DATASET EXCERPTS:
____
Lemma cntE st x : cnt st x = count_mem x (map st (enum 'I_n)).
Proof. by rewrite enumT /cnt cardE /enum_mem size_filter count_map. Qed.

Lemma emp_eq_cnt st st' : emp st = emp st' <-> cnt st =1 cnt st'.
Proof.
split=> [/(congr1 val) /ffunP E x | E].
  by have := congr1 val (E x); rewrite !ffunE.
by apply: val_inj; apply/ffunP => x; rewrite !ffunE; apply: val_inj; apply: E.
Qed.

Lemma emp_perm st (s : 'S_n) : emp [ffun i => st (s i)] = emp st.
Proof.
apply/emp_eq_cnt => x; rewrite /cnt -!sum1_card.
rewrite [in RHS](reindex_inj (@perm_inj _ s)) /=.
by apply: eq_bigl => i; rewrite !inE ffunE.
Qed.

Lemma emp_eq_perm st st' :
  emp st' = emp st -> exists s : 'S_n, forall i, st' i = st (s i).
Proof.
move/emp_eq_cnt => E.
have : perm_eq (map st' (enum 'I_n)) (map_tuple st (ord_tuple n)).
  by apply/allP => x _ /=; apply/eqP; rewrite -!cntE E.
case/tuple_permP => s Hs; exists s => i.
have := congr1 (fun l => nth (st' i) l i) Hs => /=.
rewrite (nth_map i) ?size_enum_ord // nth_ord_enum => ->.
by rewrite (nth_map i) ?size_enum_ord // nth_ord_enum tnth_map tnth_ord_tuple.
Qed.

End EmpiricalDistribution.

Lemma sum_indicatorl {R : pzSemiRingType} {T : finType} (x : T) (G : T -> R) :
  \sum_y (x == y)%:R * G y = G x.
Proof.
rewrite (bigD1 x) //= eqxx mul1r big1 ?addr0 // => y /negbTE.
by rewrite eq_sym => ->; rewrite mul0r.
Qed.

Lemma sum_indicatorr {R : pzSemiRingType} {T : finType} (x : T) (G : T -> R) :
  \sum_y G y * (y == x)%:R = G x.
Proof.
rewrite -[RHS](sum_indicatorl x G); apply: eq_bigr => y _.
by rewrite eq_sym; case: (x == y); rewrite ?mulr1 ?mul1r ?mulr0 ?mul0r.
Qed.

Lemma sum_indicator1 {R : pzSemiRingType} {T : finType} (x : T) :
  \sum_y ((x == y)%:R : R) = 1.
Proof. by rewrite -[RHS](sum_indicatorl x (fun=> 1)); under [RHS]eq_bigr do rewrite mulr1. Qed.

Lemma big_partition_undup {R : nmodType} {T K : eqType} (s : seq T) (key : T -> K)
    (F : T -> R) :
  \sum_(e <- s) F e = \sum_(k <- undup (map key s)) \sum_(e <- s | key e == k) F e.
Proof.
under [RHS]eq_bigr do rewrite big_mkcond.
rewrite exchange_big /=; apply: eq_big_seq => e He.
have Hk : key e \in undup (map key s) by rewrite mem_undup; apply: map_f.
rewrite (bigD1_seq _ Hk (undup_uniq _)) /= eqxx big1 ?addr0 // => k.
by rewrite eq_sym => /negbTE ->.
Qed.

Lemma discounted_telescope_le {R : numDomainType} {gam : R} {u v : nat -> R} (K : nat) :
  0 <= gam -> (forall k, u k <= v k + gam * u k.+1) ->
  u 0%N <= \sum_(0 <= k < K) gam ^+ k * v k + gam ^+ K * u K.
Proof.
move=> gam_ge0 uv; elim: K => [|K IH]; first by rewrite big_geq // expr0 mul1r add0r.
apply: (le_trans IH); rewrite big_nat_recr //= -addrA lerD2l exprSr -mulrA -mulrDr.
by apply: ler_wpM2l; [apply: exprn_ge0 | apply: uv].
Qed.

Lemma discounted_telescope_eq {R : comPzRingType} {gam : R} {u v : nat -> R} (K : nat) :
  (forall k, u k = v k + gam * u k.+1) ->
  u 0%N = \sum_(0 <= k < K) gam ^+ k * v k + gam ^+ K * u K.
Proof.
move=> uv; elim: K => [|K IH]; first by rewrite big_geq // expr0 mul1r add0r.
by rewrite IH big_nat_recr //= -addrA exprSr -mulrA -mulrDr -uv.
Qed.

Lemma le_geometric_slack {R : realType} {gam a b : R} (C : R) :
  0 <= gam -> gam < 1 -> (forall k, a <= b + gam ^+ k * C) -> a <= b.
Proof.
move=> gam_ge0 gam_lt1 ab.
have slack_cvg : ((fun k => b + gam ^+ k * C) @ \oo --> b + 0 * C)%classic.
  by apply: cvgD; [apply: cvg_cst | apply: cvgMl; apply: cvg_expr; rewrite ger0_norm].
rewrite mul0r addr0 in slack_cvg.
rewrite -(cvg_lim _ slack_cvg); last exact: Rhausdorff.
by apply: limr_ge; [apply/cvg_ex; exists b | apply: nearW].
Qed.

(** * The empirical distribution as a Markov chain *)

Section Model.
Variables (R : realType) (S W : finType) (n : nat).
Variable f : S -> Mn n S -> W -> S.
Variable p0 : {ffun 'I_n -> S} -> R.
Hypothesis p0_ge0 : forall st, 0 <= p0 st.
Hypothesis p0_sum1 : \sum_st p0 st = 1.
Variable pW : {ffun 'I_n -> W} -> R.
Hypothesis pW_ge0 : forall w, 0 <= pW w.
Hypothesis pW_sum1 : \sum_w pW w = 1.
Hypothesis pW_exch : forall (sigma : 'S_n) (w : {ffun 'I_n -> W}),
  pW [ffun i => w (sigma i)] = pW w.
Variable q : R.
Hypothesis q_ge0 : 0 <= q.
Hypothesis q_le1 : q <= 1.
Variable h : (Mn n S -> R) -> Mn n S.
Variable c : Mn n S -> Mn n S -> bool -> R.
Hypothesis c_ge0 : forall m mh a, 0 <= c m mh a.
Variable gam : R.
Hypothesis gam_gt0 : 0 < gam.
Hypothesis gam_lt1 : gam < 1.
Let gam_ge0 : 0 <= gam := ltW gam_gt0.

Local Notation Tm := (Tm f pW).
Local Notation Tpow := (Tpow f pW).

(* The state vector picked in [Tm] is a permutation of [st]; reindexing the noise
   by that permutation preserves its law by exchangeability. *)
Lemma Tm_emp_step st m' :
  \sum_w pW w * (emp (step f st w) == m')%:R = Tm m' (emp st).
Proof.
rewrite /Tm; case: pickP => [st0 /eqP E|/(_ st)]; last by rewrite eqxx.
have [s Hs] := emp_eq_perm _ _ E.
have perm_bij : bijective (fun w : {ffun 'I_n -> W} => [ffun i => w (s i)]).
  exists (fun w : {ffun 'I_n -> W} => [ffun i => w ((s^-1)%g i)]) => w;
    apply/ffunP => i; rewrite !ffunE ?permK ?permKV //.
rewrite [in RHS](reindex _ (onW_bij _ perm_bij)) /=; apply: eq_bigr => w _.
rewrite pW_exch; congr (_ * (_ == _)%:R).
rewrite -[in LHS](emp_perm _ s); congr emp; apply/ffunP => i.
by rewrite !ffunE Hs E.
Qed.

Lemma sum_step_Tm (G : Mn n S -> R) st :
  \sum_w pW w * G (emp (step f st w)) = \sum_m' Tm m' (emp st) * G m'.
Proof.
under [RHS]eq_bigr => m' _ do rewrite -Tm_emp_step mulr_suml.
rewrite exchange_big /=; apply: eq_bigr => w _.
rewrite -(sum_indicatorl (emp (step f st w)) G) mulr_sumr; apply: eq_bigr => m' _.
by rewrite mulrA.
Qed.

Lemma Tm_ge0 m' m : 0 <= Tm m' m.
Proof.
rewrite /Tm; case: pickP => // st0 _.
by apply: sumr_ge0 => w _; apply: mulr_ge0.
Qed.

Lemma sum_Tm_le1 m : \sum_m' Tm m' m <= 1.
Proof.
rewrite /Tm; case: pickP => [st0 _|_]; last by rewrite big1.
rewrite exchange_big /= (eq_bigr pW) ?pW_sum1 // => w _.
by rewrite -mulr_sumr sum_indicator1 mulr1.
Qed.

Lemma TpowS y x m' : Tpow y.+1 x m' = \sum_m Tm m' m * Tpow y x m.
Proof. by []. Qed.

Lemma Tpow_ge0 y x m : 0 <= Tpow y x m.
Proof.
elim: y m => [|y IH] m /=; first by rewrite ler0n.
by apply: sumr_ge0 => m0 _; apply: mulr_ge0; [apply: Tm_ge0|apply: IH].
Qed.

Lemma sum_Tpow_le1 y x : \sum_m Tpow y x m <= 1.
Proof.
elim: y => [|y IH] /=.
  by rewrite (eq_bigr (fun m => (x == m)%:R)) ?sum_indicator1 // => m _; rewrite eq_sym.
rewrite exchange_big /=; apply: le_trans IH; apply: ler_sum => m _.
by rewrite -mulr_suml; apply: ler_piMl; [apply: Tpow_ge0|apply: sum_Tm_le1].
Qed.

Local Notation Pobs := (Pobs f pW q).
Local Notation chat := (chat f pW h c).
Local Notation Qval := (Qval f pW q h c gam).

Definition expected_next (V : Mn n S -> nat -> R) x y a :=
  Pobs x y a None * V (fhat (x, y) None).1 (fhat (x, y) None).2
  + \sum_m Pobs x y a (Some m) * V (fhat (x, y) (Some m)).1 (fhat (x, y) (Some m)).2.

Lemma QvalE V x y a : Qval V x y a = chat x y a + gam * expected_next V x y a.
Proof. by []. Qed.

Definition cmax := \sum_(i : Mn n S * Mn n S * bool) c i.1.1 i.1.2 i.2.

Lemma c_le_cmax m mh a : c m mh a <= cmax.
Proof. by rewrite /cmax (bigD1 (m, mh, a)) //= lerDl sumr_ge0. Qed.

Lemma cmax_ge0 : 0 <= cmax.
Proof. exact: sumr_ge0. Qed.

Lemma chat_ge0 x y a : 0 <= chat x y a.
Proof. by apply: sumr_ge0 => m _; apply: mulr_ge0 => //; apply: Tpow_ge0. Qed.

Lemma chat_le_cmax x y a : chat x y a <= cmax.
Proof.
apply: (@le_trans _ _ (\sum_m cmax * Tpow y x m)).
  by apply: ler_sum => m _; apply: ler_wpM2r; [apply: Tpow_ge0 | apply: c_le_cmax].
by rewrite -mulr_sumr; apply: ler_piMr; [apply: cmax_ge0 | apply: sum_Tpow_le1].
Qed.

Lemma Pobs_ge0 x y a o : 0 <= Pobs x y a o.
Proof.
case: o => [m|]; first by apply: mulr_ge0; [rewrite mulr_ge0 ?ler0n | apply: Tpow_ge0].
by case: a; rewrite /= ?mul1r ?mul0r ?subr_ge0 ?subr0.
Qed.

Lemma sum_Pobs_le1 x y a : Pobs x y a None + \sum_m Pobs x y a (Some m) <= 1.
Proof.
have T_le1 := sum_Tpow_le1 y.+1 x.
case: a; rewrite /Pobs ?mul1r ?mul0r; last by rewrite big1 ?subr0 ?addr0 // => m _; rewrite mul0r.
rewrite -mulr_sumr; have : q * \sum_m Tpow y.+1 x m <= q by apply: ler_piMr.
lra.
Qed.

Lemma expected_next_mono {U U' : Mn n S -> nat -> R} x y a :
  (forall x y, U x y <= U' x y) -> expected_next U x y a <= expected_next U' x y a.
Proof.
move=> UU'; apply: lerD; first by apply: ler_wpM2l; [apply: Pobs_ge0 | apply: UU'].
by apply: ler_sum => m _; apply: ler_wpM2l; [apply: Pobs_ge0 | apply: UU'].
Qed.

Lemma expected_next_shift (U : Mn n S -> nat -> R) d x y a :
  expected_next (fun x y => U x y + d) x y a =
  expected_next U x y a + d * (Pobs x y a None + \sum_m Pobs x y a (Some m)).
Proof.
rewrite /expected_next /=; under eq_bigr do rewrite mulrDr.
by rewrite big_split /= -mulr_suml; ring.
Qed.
____
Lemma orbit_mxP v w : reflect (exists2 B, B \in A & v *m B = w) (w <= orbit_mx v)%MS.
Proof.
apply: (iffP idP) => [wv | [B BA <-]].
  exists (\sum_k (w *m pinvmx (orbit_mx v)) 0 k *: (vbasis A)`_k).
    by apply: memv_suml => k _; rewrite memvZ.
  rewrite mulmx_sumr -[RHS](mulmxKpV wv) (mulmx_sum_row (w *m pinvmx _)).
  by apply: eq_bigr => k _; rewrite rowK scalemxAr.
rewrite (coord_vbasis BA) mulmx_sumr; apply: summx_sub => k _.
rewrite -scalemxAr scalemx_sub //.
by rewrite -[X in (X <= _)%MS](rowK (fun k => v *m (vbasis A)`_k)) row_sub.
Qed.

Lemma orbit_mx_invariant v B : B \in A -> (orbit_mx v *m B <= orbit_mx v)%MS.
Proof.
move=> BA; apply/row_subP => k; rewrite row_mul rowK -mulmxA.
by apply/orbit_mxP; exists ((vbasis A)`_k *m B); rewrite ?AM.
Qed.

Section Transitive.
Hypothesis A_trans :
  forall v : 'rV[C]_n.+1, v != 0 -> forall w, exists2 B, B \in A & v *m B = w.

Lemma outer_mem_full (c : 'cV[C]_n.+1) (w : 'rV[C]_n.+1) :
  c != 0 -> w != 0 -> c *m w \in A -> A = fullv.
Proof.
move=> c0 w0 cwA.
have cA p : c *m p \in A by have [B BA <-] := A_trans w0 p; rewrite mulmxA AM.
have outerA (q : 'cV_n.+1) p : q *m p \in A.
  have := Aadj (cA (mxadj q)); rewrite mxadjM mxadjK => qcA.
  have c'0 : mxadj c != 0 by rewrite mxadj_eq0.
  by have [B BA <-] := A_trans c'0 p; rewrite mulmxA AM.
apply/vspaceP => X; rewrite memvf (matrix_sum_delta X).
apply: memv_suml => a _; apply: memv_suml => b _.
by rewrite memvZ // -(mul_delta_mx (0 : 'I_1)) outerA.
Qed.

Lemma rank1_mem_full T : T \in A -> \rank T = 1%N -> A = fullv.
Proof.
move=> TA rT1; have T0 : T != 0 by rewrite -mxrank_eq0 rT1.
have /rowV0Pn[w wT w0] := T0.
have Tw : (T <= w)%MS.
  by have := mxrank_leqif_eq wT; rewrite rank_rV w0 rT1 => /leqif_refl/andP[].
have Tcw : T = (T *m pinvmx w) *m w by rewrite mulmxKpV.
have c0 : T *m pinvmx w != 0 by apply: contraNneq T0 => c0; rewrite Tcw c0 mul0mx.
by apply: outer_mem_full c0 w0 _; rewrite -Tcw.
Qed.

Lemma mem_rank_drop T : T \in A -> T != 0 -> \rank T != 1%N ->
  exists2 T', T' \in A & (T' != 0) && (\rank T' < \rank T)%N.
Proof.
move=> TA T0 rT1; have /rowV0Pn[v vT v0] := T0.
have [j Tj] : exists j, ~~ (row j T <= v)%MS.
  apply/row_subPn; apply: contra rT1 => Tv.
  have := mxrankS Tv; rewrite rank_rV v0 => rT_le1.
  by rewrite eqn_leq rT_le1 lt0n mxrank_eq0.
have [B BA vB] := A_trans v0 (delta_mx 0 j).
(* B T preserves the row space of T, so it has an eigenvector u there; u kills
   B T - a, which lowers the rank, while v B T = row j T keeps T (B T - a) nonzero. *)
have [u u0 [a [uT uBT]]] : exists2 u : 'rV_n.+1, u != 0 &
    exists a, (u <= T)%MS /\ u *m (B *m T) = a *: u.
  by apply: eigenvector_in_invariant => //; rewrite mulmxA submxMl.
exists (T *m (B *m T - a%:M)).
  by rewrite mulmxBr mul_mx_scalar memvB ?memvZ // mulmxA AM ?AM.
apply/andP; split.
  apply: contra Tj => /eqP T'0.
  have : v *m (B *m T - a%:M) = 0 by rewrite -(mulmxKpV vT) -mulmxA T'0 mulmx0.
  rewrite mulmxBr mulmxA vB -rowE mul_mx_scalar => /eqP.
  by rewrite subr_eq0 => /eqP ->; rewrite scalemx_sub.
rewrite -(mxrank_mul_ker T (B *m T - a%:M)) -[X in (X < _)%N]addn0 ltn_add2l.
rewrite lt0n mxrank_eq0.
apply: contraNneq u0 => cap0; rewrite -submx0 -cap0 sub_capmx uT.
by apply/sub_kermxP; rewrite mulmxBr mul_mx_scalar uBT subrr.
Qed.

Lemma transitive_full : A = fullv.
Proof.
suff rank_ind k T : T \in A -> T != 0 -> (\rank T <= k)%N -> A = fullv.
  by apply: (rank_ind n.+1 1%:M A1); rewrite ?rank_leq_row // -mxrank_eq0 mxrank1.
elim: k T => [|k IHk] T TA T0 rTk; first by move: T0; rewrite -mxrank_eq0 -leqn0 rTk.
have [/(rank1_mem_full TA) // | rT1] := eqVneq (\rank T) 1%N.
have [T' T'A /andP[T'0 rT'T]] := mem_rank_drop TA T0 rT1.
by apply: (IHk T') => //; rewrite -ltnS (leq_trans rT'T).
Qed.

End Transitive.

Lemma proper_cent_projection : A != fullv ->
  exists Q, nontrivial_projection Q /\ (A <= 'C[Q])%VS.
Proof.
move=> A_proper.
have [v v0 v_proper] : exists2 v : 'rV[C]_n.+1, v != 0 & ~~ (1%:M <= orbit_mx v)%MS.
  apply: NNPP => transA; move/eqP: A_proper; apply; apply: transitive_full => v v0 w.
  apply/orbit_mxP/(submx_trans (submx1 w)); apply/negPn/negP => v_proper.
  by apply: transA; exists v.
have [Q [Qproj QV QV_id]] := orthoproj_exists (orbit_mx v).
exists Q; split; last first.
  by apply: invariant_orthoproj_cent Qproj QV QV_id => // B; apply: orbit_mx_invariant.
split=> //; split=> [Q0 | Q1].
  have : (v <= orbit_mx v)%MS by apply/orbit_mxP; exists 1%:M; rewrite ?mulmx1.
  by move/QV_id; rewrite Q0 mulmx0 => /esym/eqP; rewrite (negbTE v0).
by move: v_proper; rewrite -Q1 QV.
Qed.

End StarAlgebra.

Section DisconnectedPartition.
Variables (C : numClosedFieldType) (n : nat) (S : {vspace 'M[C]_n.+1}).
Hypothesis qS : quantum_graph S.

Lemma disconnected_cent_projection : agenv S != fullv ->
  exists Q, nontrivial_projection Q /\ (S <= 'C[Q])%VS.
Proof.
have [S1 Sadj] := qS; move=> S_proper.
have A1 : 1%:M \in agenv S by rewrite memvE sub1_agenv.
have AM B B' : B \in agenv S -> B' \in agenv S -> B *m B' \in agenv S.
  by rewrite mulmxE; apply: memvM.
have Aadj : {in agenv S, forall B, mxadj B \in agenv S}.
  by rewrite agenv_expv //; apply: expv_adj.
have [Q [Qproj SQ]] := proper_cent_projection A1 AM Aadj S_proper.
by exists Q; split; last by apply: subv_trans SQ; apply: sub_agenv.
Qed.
____
TASK TO COMPLETE: All lines above from the one with "rewrite exchange_big /=; apply: eq_bigr" to the one with "elim: y m =>", inclusive, should be copied exactly, and no other lines.

TASK SOLUTION:
rewrite exchange_big /=; apply: eq_bigr => w _.
rewrite -(sum_indicatorl (emp (step f st w)) G) mulr_sumr; apply: eq_bigr => m' _.
by rewrite mulrA.
Qed.

Lemma Tm_ge0 m' m : 0 <= Tm m' m.
Proof.
rewrite /Tm; case: pickP => // st0 _.
by apply: sumr_ge0 => w _; apply: mulr_ge0.
Qed.

Lemma sum_Tm_le1 m : \sum_m' Tm m' m <= 1.
Proof.
rewrite /Tm; case: pickP => [st0 _|_]; last by rewrite big1.
rewrite exchange_big /= (eq_bigr pW) ?pW_sum1 // => w _.
by rewrite -mulr_sumr sum_indicator1 mulr1.
Qed.

Lemma TpowS y x m' : Tpow y.+1 x m' = \sum_m Tm m' m * Tpow y x m.
Proof. by []. Qed.

Lemma Tpow_ge0 y x m : 0 <= Tpow y x m.
Proof.
elim: y m => [|y IH] m /=; first by rewrite ler0n.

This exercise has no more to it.